_Information shown:_
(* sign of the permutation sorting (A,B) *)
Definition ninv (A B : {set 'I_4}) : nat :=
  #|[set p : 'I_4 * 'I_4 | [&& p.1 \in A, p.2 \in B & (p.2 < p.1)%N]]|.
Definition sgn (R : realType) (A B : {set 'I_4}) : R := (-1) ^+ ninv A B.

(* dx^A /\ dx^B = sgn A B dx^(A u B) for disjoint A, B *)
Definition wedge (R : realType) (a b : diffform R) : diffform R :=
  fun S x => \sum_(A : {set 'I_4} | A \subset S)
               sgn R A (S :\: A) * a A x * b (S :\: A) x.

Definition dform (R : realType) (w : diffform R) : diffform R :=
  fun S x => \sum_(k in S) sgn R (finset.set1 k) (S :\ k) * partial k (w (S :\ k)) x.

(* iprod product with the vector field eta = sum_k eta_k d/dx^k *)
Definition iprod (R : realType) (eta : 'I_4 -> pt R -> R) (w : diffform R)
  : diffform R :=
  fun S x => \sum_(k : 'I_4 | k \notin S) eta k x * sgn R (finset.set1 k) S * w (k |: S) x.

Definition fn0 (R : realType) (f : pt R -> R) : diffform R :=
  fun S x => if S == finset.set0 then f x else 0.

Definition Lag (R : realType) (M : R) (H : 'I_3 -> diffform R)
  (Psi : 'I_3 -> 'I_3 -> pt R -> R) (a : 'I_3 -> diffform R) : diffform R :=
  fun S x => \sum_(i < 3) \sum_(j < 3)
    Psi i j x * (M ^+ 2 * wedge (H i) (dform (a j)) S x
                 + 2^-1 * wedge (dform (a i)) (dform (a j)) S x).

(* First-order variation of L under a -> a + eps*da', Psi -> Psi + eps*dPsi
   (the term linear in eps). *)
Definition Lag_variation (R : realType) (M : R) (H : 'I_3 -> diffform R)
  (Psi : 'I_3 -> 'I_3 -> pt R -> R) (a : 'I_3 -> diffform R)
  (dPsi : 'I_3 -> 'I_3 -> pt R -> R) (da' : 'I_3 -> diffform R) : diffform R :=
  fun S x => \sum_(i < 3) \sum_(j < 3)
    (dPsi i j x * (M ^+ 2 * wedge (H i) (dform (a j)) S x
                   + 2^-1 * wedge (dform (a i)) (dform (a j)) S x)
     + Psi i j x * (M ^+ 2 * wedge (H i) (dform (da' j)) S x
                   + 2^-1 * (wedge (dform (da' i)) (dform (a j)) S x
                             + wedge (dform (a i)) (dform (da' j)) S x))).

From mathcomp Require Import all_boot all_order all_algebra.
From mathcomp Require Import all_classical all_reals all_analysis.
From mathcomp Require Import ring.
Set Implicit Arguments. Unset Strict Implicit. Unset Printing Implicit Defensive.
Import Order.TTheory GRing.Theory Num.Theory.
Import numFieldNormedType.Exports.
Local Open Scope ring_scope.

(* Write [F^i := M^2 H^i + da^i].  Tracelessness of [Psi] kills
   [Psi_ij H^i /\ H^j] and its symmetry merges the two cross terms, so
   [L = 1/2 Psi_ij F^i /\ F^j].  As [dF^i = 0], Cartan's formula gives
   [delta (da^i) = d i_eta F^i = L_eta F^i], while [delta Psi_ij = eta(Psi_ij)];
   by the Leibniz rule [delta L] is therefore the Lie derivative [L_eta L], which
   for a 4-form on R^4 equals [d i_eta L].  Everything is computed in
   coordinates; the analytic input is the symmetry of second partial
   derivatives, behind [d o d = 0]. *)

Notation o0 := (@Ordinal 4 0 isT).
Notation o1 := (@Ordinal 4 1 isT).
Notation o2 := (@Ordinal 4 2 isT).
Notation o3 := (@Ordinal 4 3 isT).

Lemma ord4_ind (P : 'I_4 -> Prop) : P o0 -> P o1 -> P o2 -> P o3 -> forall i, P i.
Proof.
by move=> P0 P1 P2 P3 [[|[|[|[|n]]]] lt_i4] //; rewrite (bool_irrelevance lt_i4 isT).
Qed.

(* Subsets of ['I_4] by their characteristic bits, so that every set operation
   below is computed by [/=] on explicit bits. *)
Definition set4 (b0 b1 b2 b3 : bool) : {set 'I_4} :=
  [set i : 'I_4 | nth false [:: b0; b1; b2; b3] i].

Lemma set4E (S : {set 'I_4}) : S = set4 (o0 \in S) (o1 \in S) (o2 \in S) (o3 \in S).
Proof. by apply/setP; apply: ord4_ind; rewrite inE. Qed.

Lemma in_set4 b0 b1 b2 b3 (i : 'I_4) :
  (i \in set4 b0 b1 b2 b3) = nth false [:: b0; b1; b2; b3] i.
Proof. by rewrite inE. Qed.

...

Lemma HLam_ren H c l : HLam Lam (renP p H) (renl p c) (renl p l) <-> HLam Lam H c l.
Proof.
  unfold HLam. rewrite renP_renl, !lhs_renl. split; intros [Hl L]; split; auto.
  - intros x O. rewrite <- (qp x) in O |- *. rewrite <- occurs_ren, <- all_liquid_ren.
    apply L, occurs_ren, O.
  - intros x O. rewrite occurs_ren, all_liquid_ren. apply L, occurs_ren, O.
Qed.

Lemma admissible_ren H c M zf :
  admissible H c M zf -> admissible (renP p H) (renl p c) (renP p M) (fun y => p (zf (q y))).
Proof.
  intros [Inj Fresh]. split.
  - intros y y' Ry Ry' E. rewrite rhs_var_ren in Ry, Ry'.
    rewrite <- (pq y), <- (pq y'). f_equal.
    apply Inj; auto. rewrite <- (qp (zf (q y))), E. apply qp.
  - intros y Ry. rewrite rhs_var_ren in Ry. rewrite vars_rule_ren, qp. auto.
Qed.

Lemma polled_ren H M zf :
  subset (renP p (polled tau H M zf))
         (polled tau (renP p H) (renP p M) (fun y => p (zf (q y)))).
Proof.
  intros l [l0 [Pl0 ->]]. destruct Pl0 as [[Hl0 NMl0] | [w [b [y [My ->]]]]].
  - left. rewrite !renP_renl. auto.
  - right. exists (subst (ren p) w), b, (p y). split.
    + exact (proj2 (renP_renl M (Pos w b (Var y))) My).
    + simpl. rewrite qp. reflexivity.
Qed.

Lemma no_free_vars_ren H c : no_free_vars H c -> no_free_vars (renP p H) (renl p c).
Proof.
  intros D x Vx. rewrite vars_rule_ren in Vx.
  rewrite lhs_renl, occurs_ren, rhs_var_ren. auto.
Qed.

_Task item:_ Would you please return every line in the listing where "computed" shows up?

_Reply:_
   for a 4-form on R^4 equals [d i_eta L].  Everything is computed in
   below is computed by [/=] on explicit bits. *)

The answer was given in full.